ALIGNS TO THE SCIENCE OF READING
Phonics, Reading, and Me™ helps students acquire letter-sound correspondences and language awareness to achieve reading proficiency.
This program is guided by the latest insights from researchers and practitioners, and by decades of research focused on proficient reading and writing development.
Phonics, Reading, and Me uses a systematic approach, moving sequentially from the most high-utility, simple-tocomplex skills as students also grow in reading comprehension (Lyon, 1998; Seidenberg, 2017). Explicit instruction in each lesson efficiently integrates skills and gives students extensive practice in phonics or morphology, phonemic awareness and fluency, decoding, spelling, and responsive writing.
Highly decodable text sets include print books and digital texts, each closely tied to a lesson’s primary skill. The texts in each set and unit are all topically tied to build knowledge (Wexler, 2020). They give students practice using prior skills and high-frequency words.
Systematic, Explicit Instruction
• Scope and sequence from Set A to Set D builds from simple to complex.
• Every lesson gives teachers language to explicitly communicate and model the skill.
• A skill is introduced by the teacher, a small group applies the skills to supported reading of decodable text, and then students practice in pairs or triads and on their own.
Connected Text
Every print book and digital text meets the same principles for skills application.
• 80% decodable; cumulative review.
• Up to 30% of words focus on the primary skill; opportunities to apply new phonics skill.
• Texts include examples of secondary skill.
• Shared vocabulary with knowledge-building words per interconnected skills practice.
Multimodal Practice
• Extensive, varied practice cements skills in working memory.
• Differentiated supports ensure all students grasp the skill.
• Modes of reading: digital, familiar reading with mini books, responsive writing with Reading Response Journal, spelling, and word study with manipulatives.
Interconnected Skills
The program offers a base of skills that lead to comprehension.
READING Comprehension
Phonemic Awareness
• Phonemic awareness is taught specifically and explicitly (Kilpatrick, 2016).
• Warm up in every lesson in Sets A and B prime phonics skills.

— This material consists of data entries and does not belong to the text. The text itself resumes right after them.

Lemma lp_cauchy_fnorm_limit_le e N : (forall m n, (N <= m)%nat -> (N <= n)%nat ->
    lp_norm p (ssub (u m) (u n)) < e) ->
  forall m, (N <= m)%nat -> forall J, fnorm p (abs_seq (ssub (u m) l)) J <= e.
Proof.
  intros HN m Hm J; apply Rle_plus_epsilon; intros nu Hnu.
  destruct (fnorm_const_small p J nu Hp Hnu) as [c [Hc Hcnu]].
  destruct (coord_cv_uniform u l HlRe HlIm (c / 2) ltac:(lra) J) as [K HK].
  set (k := max K N).
  eapply Rle_trans.
  { apply (fnorm_le p _ (fun j => abs_seq (ssub (u m) (u k)) j + c)); [lra|].
    intros j Hj; split; [apply Cx_mod_ge0|]; unfold abs_seq.
    replace (ssub (u m) l j) with (Cx_add (ssub (u m) (u k) j) (ssub (u k) l j))
      by (apply Cx_ext; unfold ssub, sadd, sscal; simpl; ring).
    eapply Rle_trans; [apply Cx_mod_triangle | apply Rplus_le_compat_l].
    eapply Rle_trans; [apply Cx_mod_le_Rabs|]; rewrite ssub_Re, ssub_Im.
    destruct (HK k ltac:(unfold k; lia) j Hj); lra. }
  eapply Rle_trans; [apply fnorm_triangle; auto; intros; [apply Cx_mod_ge0 | lra]|].
  apply Rplus_le_compat; [|exact Hcnu].
  eapply Rle_trans; [apply fnorm_le_lp_norm; [lra | apply lp_summable_sub; auto]|].
  left; apply HN; unfold k; lia.
Qed.

End LpComplete.

Lemma lp_complete p : 1 <= p -> forall u : nat -> nat -> Cx, (forall n, lp_summable p (u n)) ->
  (forall eps, 0 < eps -> exists N, forall m n, (N <= m)%nat -> (N <= n)%nat ->
     lp_norm p (ssub (u m) (u n)) < eps) ->
  exists l, lp_summable p l /\ forall eps, 0 < eps -> exists N, forall n, (N <= n)%nat ->
     lp_norm p (ssub (u n) l) < eps.
Proof.
  intros Hp u Hu HC; destruct (lp_cauchy_coord_limit p u Hp Hu HC) as [l [HlRe HlIm]].
  assert (Hlim := lp_cauchy_fnorm_limit_le p u Hp Hu l HlRe HlIm).
  destruct (HC 1 ltac:(lra)) as [N1 HN1].
  assert (M1 : lp_summable p (ssub (u N1) l))
    by (eapply lp_summable_of_fnorm_bounded; [lra | apply (Hlim 1 N1 HN1 N1); lia]).
  assert (Ml : lp_summable p l).
  { replace l with (ssub (u N1) (ssub (u N1) l)) by
      (apply functional_extensionality; intro j; apply Cx_ext; unfold ssub, sadd, sscal; simpl; ring).
    apply lp_summable_sub; auto. }
  exists l; split; [exact Ml|]; intros e He.
  destruct (HC (e / 2) ltac:(lra)) as [N HN]; exists N; intros n Hn.
  assert (lp_norm p (ssub (u n) l) <= e / 2)
    by (apply lp_norm_le; [lra | apply lp_summable_sub; auto | lra | apply (Hlim _ N HN n Hn)]).
  lra.
Qed.

Lemma lp_is_banach p : 1 <= p -> is_banach (lp p).
Proof.
  intros Hp; assert (Hp0 : 0 < p) by lra; unfold is_banach; simpl.
  repeat split;
    try (intros; apply functional_extensionality; intro j; apply Cx_ext; simpl; ring).
  - apply lp_summable_zero.
  - intros; apply lp_summable_add; assumption.
  - intros; apply lp_summable_scal; assumption.
  - intros; apply lp_norm_ge0.
  - intros x Hx H0; apply functional_extensionality; intro j; apply Cx_mod_eq0.
    pose proof (Cx_mod_le_lp_norm p x j Hp0 Hx); pose proof (Cx_mod_ge0 (x j)).
    change (rpow (lp_sum p x) (1 / p)) with (lp_norm p x) in H0; lra.
  - intros a x Hx; apply (lp_norm_scal p a x); assumption.
  - intros x y Hx Hy; apply (lp_minkowski p x y); assumption.
  - intros u Hu HC; apply (lp_complete p Hp u Hu HC).
Qed.

(** * Equivalence after two-sided extension *)

Definition norm_nonneg (X : NSpace) : Prop := forall x : V X, mem x -> 0 <= vnorm x.

Lemma banach_norm_nonneg X : is_banach X -> norm_nonneg X.
Proof. intros (_ & _ & _ & _ & _ & _ & _ & _ & _ & _ & _ & H & _); exact H. Qed.

Lemma dsum_norm_nonneg X Y : norm_nonneg (dsum X Y).
Proof. intros z _; apply sqrt_pos. Qed.

Lemma op_bdd_nonneg {X Y} (f : BL X Y) : norm_nonneg X ->
  exists M, 0 <= M /\ forall x, mem x -> vnorm (f x) <= M * vnorm x.
Proof.
  intros HX; destruct (op_bdd _ _ f) as [M HM]; exists (Rabs M); split; [apply Rabs_pos|].
  intros x Hx; eapply Rle_trans; [apply HM; assumption|].
  apply Rmult_le_compat_r; [apply HX; assumption | apply RRle_abs].
Qed.

Definition id_op (X : NSpace) : BL X X.
Proof. refine {| op := fun x => x |}; auto; exists 1; intros; lra. Defined.

Section Swap.
Context {X1 X2 Y1 Y2 : NSpace}.
Hypotheses (hX1 : norm_nonneg X1) (hX2 : norm_nonneg X2) (hY1 : norm_nonneg Y1) (hY2 : norm_nonneg Y2).
Variables (f : BL X2 Y1) (g : BL X1 Y2).

Definition swap_fun (z : V (dsum X1 X2)) : V (dsum Y1 Y2) := (f (snd z), g (fst z)).

Lemma swap_fun_bdd : exists M, forall z, mem z -> vnorm (swap_fun z) <= M * vnorm z.
Proof.
  destruct (op_bdd_nonneg f hX2) as [Mf [Hf1 Hf2]], (op_bdd_nonneg g hX1) as [Mg [Hg1 Hg2]].
  exists (Mf + Mg); intros [u v] [Hu Hv]; simpl in *.
  pose proof (Hf2 v Hv); pose proof (Hg2 u Hu); pose proof (hX1 u Hu); pose proof (hX2 v Hv).
  pose proof (hY1 _ (op_mem _ _ f v Hv)); pose proof (hY2 _ (op_mem _ _ g u Hu)).
  set (a := vnorm (f v)) in *; set (b := vnorm (g u)) in *.
  assert (a ^ 2 + b ^ 2 <= ((Mf + Mg) * (Mf + Mg)) * (vnorm u ^ 2 + vnorm v ^ 2)).
  { assert (a <= (Mf + Mg) * vnorm v) by nra; assert (b <= (Mf + Mg) * vnorm u) by nra; nra. }
  rewrite <- (sqrt_square (Mf + Mg)), <- sqrt_mult by nra.
  apply sqrt_le_1_alt; lra.
Qed.

Definition swap : BL (dsum X1 X2) (dsum Y1 Y2).
Proof.
  refine {| op := swap_fun; op_bdd := swap_fun_bdd |}.
  - intros z [H1 H2]; split; apply op_mem; assumption.
  - intros z w [H1 H2] [H3 H4]; unfold swap_fun; simpl; rewrite !op_add; auto.
  - intros a z [H1 H2]; unfold swap_fun; simpl; rewrite !op_scal; auto.
Defined.

End Swap.

Lemma swap_invertible {X1 X2 Y1 Y2 : NSpace} h1 h2 h3 h4
  (f : BL X2 Y1) (g : BL X1 Y2) (f' : BL Y1 X2) (g' : BL Y2 X1) :
  (forall y, mem y -> f (f' y) = y) -> (forall x, mem x -> f' (f x) = x) ->
  (forall y, mem y -> g (g' y) = y) -> (forall x, mem x -> g' (g x) = x) ->
  invertible (@swap X1 X2 Y1 Y2 h1 h2 h3 h4 f g).
Proof.
  intros ff' f'f gg' g'g; exists (@swap Y1 Y2 X1 X2 h3 h4 h1 h2 g' f').
  split; intros [a b] [Ha Hb]; simpl in *; unfold swap_fun; simpl; f_equal; auto.
Qed.

(* [T (+) id_Y = E (S (+) id_X) F] with [E (y, x) = (T x, S^-1 y)] and [F (x, y) = (y, x)]. *)
Lemma invertible_equiv_after_extension {X Y : NSpace} (hX : is_banach X) (hY : is_banach Y)
  (T : BL X X) (S : BL Y Y) : invertible T -> invertible S -> equiv_after_extension T S.
Proof.
  intros [Ti [TTi TiT]] [Si [SSi SiS]].
  pose proof (banach_norm_nonneg X hX) as nX; pose proof (banach_norm_nonneg Y hY) as nY.
  exists Y, X; split; [exact hY|]; split; [exact hX|].
  exists (@swap Y X X Y nY nX nX nY T Si), (@swap X Y Y X nX nY nY nX (id_op Y) (id_op X)).
  split; [apply (swap_invertible _ _ _ _ T Si Ti S); assumption|].
  split; [apply (swap_invertible _ _ _ _ (id_op Y) (id_op X) (id_op Y) (id_op X)); reflexivity|].
  intros [x y] [Hx Hy]; simpl in *; unfold swap_fun; simpl; rewrite SiS; auto.
Qed.

Definition inf_often (P : nat -> Prop) : Prop := forall m, exists n, (m <= n)%nat /\ P n.

Lemma inf_often_close_subset (f : nat -> R) e : 0 < e -> forall K lo (P : nat -> Prop),
  inf_often P -> (forall n, P n -> lo <= f n <= lo + INR K * e) ->
  exists Q : nat -> Prop, (forall n, Q n -> P n) /\ inf_often Q /\
    forall a b, Q a -> Q b -> Rabs (f a - f b) <= e.
Proof.
  intros He K; induction K as [|K IH]; intros lo P HP Hb.
  - exists P; split; [auto|]; split; [exact HP|].
    intros a b Ha Hb'; pose proof (Hb a Ha); pose proof (Hb b Hb'); simpl in *; apply Rabs_le; lra.
  - destruct (classic (inf_often (fun n => P n /\ f n <= lo + e))) as [HI|HN].
    + exists (fun n => P n /\ f n <= lo + e); split; [tauto|]; split; [exact HI|].
      intros a b [Ha1 Ha2] [Hb1 Hb2]; pose proof (Hb a Ha1); pose proof (Hb b Hb1); apply Rabs_le; lra.
    + apply not_all_ex_not in HN; destruct HN as [m Hm].
      assert (HI : inf_often (fun n => P n /\ lo + e < f n)).
      { intro m'; destruct (HP (max m m')) as [n [Hn1 Hn2]]; exists n; split; [lia|]; split; [exact Hn2|].
        destruct (Rlt_dec (lo + e) (f n)) as [|Hf]; [assumption|].
        exfalso; apply Hm; exists n; split; [lia|]; split; [assumption | lra]. }
      destruct (IH (lo + e) _ HI) as [Q [HQ1 [HQ2 HQ3]]].
      { intros n [Hn1 Hn2]; pose proof (Hb n Hn1); rewrite S_INR in *; lra. }
      exists Q; split; [intros n Hn; apply HQ1; assumption|]; split; assumption.
Qed.

Lemma inf_often_bounded_close (f : nat -> R) e M (P : nat -> Prop) : 0 < e -> inf_often P ->
  (forall n, P n -> Rabs (f n) <= M) ->
  exists Q : nat -> Prop, (forall n, Q n -> P n) /\ inf_often Q /\
    forall a b, Q a -> Q b -> Rabs (f a - f b) <= e.
Proof.
  intros He HP Hb; destruct (INR_archimed e (2 * M) He) as [K HK].
  apply (inf_often_close_subset f e He K (- M) P HP).
  intros n Hn; specialize (Hb n Hn); pose proof (Rle_abs (f n)); pose proof (Rle_abs (- f n));
  rewrite Rabs_Ropp in *; lra.
Qed.

Lemma inf_often_coords_close (c : nat -> nat -> Cx) M e : 0 < e -> (forall n j, Cx_mod (c n j) <= M) ->
  forall J (P : nat -> Prop), inf_often P ->
  exists Q : nat -> Prop, (forall n, Q n -> P n) /\ inf_often Q /\
    forall a b j, Q a -> Q b -> (j < J)%nat ->
      Rabs (Re (c a j) - Re (c b j)) <= e /\ Rabs (Im (c a j) - Im (c b j)) <= e.
Proof.
  intros He HM J; induction J as [|J IH]; intros P HP.
  - exists P; split; [auto|]; split; [exact HP | intros; lia].
  - destruct (IH P HP) as [Q1 [H11 [H12 H13]]].
    destruct (inf_often_bounded_close (fun n => Re (c n J)) e M Q1 He H12) as [Q2 [H21 [H22 H23]]].
    { intros n _; eapply Rle_trans; [apply Rabs_Re_le | apply HM]. }
    destruct (inf_often_bounded_close (fun n => Im (c n J)) e M Q2 He H22) as [Q3 [H31 [H32 H33]]].
    { intros n _; eapply Rle_trans; [apply Rabs_Im_le | apply HM]. }
    exists Q3; split; [intros; apply H11, H21, H31; assumption|]; split; [exact H32|].
    intros a b j Ha Hb Hj; destruct (Nat.eq_dec j J) as [->|].
    + split; [apply H23; apply H31 | apply H33]; assumption.
    + apply H13; [apply H21, H31 | apply H21, H31 | lia]; assumption.
Qed.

• Lessons include articulation support—instruction on how sounds are made, including mouth movements.
Phonics
Focused on orthographic mapping—mapping sounds to letter patterns—and applying phonics skills and decoding skills in words and connected text (Ehri, 2020).
Includes foundational phonics in Sets A and B; advanced phonics in Sets C and D.
Grapheme-phoneme correspondences applied in both phonics (decoding) and spelling (encoding) (Moats, 2005).
Morphology
• Inflectional endings
• Base words and related words
• Roots – Latin and Greek
• Prefixes and suffixes
• Attaching meaning to word parts after students have learned how to decode
Strategies for Reading Words
• Students learn “graphophonological-semantic cognitive flexibility” (Duke & Cartwright, 2021): the ability to actively switch between using knowledge of letter sounds and meaning features of words.
• Students learn tools for reading complex and long words, and apply strategies to read connected text: e.g. find letters and word parts they know, blend the sounds and parts, and flex to try another way until the word sounds like one they know from their oral language (Kearns, 2015).
References
Duke, N. K., & Cartwright, K. B. (2021). The science of reading progresses: Communicating advances beyond the simple view of reading. Reading Research Quarterly, 56, S25-S44. doi:10.1002/rrq.411
Ehri, L. C. (2020). The science of learning to read words: A case for systematic phonics instruction. Reading Research Quarterly, 55, S45-S60. Kearns, D. M. (2015). How elementary-age children read polysyllabic polymorphemic words. Journal of Educational Psychology, 107(2), 364–390.
Kilpatrick, D A., Ph.D. (2016) Equipped for Reading Success: A Comprehensive, Step-By-Step Program for Developing Phoneme Awareness and Fluent Word Recognition. Casey & Kirsch Publishers. Lyon, G. R. (1998). Why reading is not a natural process. Educational Leadership, 55(6), 14-18. Moats, L. C. (2005). How spelling supports reading. American Educator, 6(12–22), 42.
Seidenberg, M. (2017). Language at the speed of sight: How we read, why so many can’t, and what can be done about it. New York, NY: Basic.
Wexler, N. (2020). The Knowledge Gap: The Hidden Cause of America’s Broken Education System--And How to Fix It. Avery.